In mid-to-late 2022, many (3,3)-tagged projects saw their prices drop over 90% from their peaks (specifics vary by project). The lasting legacy includes:
This article makes no value judgment on any token and does not list every project. Always verify with primary data from CoinGecko, DeFiLlama, and on-chain explorers.
| Type | Description |
|---|---|
| Inflation risk | High emissions + rebasing dilute early stakers |
| Bond sell pressure | Discounted token purchases expire, creating sell pressure |
| Treasury mismatch | Asset volatility or excessive own-token percentage |
| Composability risk | Leverage amplification when stacked with other DeFi protocols |
When liquidity is shallow, a medium-sized sell can cause significant slippage. In bear markets or when risk appetite declines, (3,3)-style assets tend to have higher beta, increasing the probability of a spiral.

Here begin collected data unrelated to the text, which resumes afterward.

(* For all positive integers $m,n$, the cyclic simplicial rook graph $\mathcal{CSR}(m,n)$ is a Cayley graph.
   Context: For positive integers $m,n$, the cyclic simplicial rook graph $\mathcal{CSR}(m,n)$ is the graph whose vertices are the vectors $(a_1,\dots,a_m)\in\mathbb{Z}_n^m$ with $a_1+\cdots+a_m\equiv 0 \pmod n$, two vertices being adjacent if and only if their vectors differ in exactly two coordinates. For a group $\Gamma$ and a subset $S\subseteq\Gamma$ closed under inverses and not containing the identity, the Cayley graph $\mathrm{Cay}(\Gamma,S)$ has vertex set $\Gamma$, with $x,y$ adjacent iff $x^{-1}y\in S$. A graph is a Cayley graph if it is isomorphic to some $\mathrm{Cay}(\Gamma,S)$. *)

From HB Require Import structures.
From mathcomp Require Import all_boot all_fingroup.
Set Implicit Arguments. Unset Strict Implicit. Unset Printing Implicit Defensive.

(* Z_n is represented by 'I_n with arithmetic taken modulo n (n >= 1).      *)
Definition csr_vertex (m n : nat) : Type :=
  {a : {ffun 'I_m -> 'I_n} | (\sum_(i < m) (a i : nat)) %% n == 0}.

Definition csr_adj (m n : nat) (u v : csr_vertex m n) : bool :=
  #|[set i : 'I_m | val u i != val v i]| == 2.

(* A (finite) graph (V, adj) is a Cayley graph if it is isomorphic to
   Cay(Gamma, S) for some group Gamma and inverse-closed S not containing 1;
   in Cay(Gamma,S), x ~ y iff x^-1 * y \in S. *)
Definition is_cayley_graph (V : finType) (adj : rel V) : Prop :=
  exists (gT : finGroupType) (S : {set gT}) (f : V -> gT),
    [/\ bijective f,
        (1 \notin S)%g,
        (forall x, x \in S -> (x^-1)%g \in S)
      & forall u v, adj u v = (((f u)^-1 * f v)%g \in S)].

From HB Require Import structures.
From mathcomp Require Import all_boot all_fingroup ssralg zmodp.
Set Implicit Arguments. Unset Strict Implicit. Unset Printing Implicit Defensive.

Import GRing.Theory.

(* The vertices of CSR(m,n) form the kernel of the sum map Z_n^m -> Z_n, hence
   a group under coordinatewise addition, and translating two vectors by the
   same vector does not change the set of coordinates in which they differ.
   A translation-invariant graph on a group is the Cayley graph of the
   neighbourhood of the identity; here that is the set of vectors with exactly
   two nonzero coordinates. *)

Section TranslationInvariantGraph.

Local Open Scope group_scope.

Variables (gT : finGroupType) (adj : rel gT).
Hypotheses (adj_irr : irreflexive adj) (adj_sym : symmetric adj).
Hypothesis adj_mull : forall g u v, adj (g * u) (g * v) = adj u v.

Lemma adj_mulVl u v : adj u v = adj 1 (u^-1 * v).
Proof. by rewrite -(adj_mull u^-1) mulVg. Qed.

Lemma translation_invariant_cayley : is_cayley_graph adj.
Proof.
exists gT, [set x | adj 1 x], id; split => [||x|u v]; rewrite ?inE.
- by exists id.
- by rewrite adj_irr.
- by move=> x1; rewrite adj_sym -(adj_mull x) mulgV mulg1.
- exact: adj_mulVl.
Qed.

End TranslationInvariantGraph.

Lemma val_Zp_sum (p : nat) (I : Type) (r : seq I) (F : I -> 'I_p.+1) :
  val (\sum_(i <- r) F i)%R = (\sum_(i <- r) val (F i)) %% p.+1.
Proof.
elim/big_rec2: _ => [|i s t _ IH]; first by rewrite mod0n.
by rewrite /= IH modnDmr.
Qed.

Section CSRGroup.

Local Open Scope ring_scope.

Variables m p : nat.

Local Notation in_csr a := ((\sum_(i < m) (a%R i : nat)) %% p.+1 == 0)%N.

Lemma in_csrE (a : {ffun 'I_m -> 'I_p.+1}) : in_csr a = (\sum_i a i == 0).
Proof. by rewrite -val_eqE /= val_Zp_sum. Qed.

Lemma in_csr0 : in_csr (0 : {ffun 'I_m -> 'I_p.+1}).
Proof. by rewrite in_csrE big1 // => i _; rewrite ffunE. Qed.

Lemma in_csrD (a b : {ffun 'I_m -> 'I_p.+1}) :
  in_csr a -> in_csr b -> in_csr (a + b).
Proof.
rewrite !in_csrE => /eqP sa0 /eqP sb0.
under eq_bigr do rewrite ffunE.
by rewrite big_split /= sa0 sb0 addr0.
Qed.

Lemma in_csrN (a : {ffun 'I_m -> 'I_p.+1}) : in_csr a -> in_csr (- a).
Proof.
rewrite !in_csrE => /eqP sa0.
under eq_bigr do rewrite ffunE.
by rewrite sumrN sa0 oppr0.
Qed.

Definition csr_group := csr_vertex m p.+1.
HB.instance Definition _ := Finite.on csr_group.

Definition csr_add (u v : csr_group) : csr_group :=
  exist _ (val u + val v) (in_csrD (valP u) (valP v)).
Definition csr_opp (u : csr_group) : csr_group := exist _ (- val u) (in_csrN (valP u)).
Definition csr_zero : csr_group := exist _ 0 in_csr0.

Lemma csr_addA : associative csr_add.
Proof. by move=> u v w; apply: val_inj; rewrite /= addrA. Qed.

Lemma csr_add0 : left_id csr_zero csr_add.
Proof. by move=> u; apply: val_inj; rewrite /= add0r. Qed.

Lemma csr_addN : left_inverse csr_zero csr_opp csr_add.
Proof. by move=> u; apply: val_inj; rewrite /= addNr. Qed.

HB.instance Definition _ := Finite_isGroup.Build csr_group csr_addA csr_add0 csr_addN.

Lemma csr_adj_irr : irreflexive (@csr_adj m p.+1).
Proof.
move=> u; rewrite /csr_adj.
under eq_finset do rewrite eqxx.
by rewrite cards0.
Qed.

Lemma csr_adj_sym : symmetric (@csr_adj m p.+1).
Proof. by move=> u v; rewrite /csr_adj; under eq_finset do rewrite eq_sym. Qed.

Lemma csr_adj_mull (g u v : csr_group) :
  csr_adj (g * u)%g (g * v)%g = csr_adj u v.
Proof.
rewrite /csr_adj /=.
by under eq_finset do rewrite !ffunE (inj_eq (addrI _)).
Qed.

End CSRGroup.

Theorem lemma2 (m n : nat) (hm : 0 < m) (hn : 0 < n) :
  is_cayley_graph (@csr_adj m n).
Proof.
case: n hn => // p _.
exact: (@translation_invariant_cayley (csr_group m p) _
          (@csr_adj_irr m p) (@csr_adj_sym m p) (@csr_adj_mull m p)).
Qed.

Anonymous teams, admin keys, unaudited contracts, and rug pulls were common during the fork wave. The (3,3) slogan cannot substitute for audit reports or verified renounce of privileged permissions.

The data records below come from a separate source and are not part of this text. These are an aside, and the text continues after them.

Fixpoint syzygy_proj (d : nat) M : Prop :=
  match d with
  | 0 => projective M
  | d'.+1 => forall K P (g : {linear K -> P}) (f : {linear P -> M}),
      projective P -> ses g f -> syzygy_proj d' K
  end.

Record pd_factor M (d : nat) := PdFactor {
  pf_mod : lmodType R;
  pf_in : {linear M -> pf_mod};
  pf_out : {linear pf_mod -> M};
  pf_pd : pd_le (Fin d) pf_mod }.

Definition factor_sum M d (l : seq (pd_factor M d)) (x : M) : M :=
  \sum_(p <- l) pf_out p (pf_in p x).

Lemma factor_sum_cat M d (l1 l2 : seq (pd_factor M d)) x :
  factor_sum (l1 ++ l2) x = factor_sum l1 x + factor_sum l2 x.
Proof. exact: big_cat. Qed.

Section Lift.
Variables (K P M : lmodType R) (g : {linear K -> P}) (f : {linear P -> M}) (d : nat).
Hypotheses (P_proj : projective P) (gf : ses g f).

(* [T] lifts the factor sum of [M] to [P] up to the part [U \o f], which
   factors through [P]; on [K] it restricts to a factor sum of [K]. *)
Definition factor_sum_lift (l : seq (pd_factor M d.+1)) :=
  exists (l' : seq (pd_factor K d)) (T : {linear P -> P}) (U : {linear M -> P}),
    (forall y, f (T y) + f (U (f y)) = factor_sum l (f y)) /\
    (forall x, T (g x) = g (factor_sum l' x)).

Lemma factor_sum_lift1 (p : pd_factor M d.+1) : factor_sum_lift [:: p].
Proof.
have [g_inj [gf_ker f_surj]] := gf; have [[|j] [jd pres]] := pf_pd p.
  have [U UE] := liftable_through (pf_in p) (pf_out p) (res0_projective pres) idfun f_surj.
  exists [::], \0, U; split=> [y|x]; rewrite /factor_sum ?big_nil ?big_seq1 /=.
    by rewrite linear0 add0r UE.
  by rewrite linear0.
have [L [Q [g' [f' [Q_proj [gf' L_pd]]]]]] := pres; have [g'_inj [gf'_ker f'_surj]] := gf'.
have [rho rhoE] := P_proj (pf_in p \o f) f'_surj.
have [sig sigE] := Q_proj _ _ f (pf_out p \o f') f_surj.
have [r' r'E] : exists r' : {linear K -> L}, forall x, g' (r' x) = (rho \o g) x.
  apply: lift_through_injective => // x; apply/gf'_ker.
  by rewrite /= rhoE /= (ses_comp_eq0 _ gf) linear0.
have [s' s'E] : exists s' : {linear L -> K}, forall x, g (s' x) = (sig \o g') x.
  apply: lift_through_injective => // x; apply/gf_ker.
  by rewrite /= sigE /= (ses_comp_eq0 _ gf') linear0.
exists [:: PdFactor r' s' (ex_intro _ j (conj jd L_pd))], (sig \o rho), \0.
split=> [y|x]; rewrite /factor_sum !big_seq1 /=.
  by rewrite linear0 addr0 sigE /= rhoE.
by rewrite s'E /= r'E.
Qed.

Lemma factor_sum_lift_seq (l : seq (pd_factor M d.+1)) : factor_sum_lift l.
Proof.
elim: l => [|p l [l2 [T2 [U2 [E2 F2]]]]].
  exists [::], \0, \0; split=> [y|x]; rewrite /factor_sum !big_nil ?linear0 //.
  by rewrite addr0.
have [l1 [T1 [U1 [E1 F1]]]] := factor_sum_lift1 p.
exists (l1 ++ l2), (T1 \+ T2), (U1 \+ U2); split=> [y|x].
  by rewrite -cat1s factor_sum_cat -E1 -E2 /= !linearD addrACA.
by rewrite factor_sum_cat linearD /= F1 F2.
Qed.

End Lift.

Community pressure that stigmatizes selling may temporarily boost staking rates, but when losses mount, it can also create information silos and delay risk recognition.
The (3,3) DAO fork phenomenon is a large-scale replication of the OHM mechanism and narrative during a specific market cycle. Its peak relied on high APY expectations and a liquidity bull run — not all forks had independent, long-term demand. The death spiral is a positive-feedback decline driven by inflation incentives, accumulated sell pressure, and collapsing confidence. It corresponds to the (-1,-1) outcome in the matrix, but its root causes are economic and mechanical, not simply "player moral failure."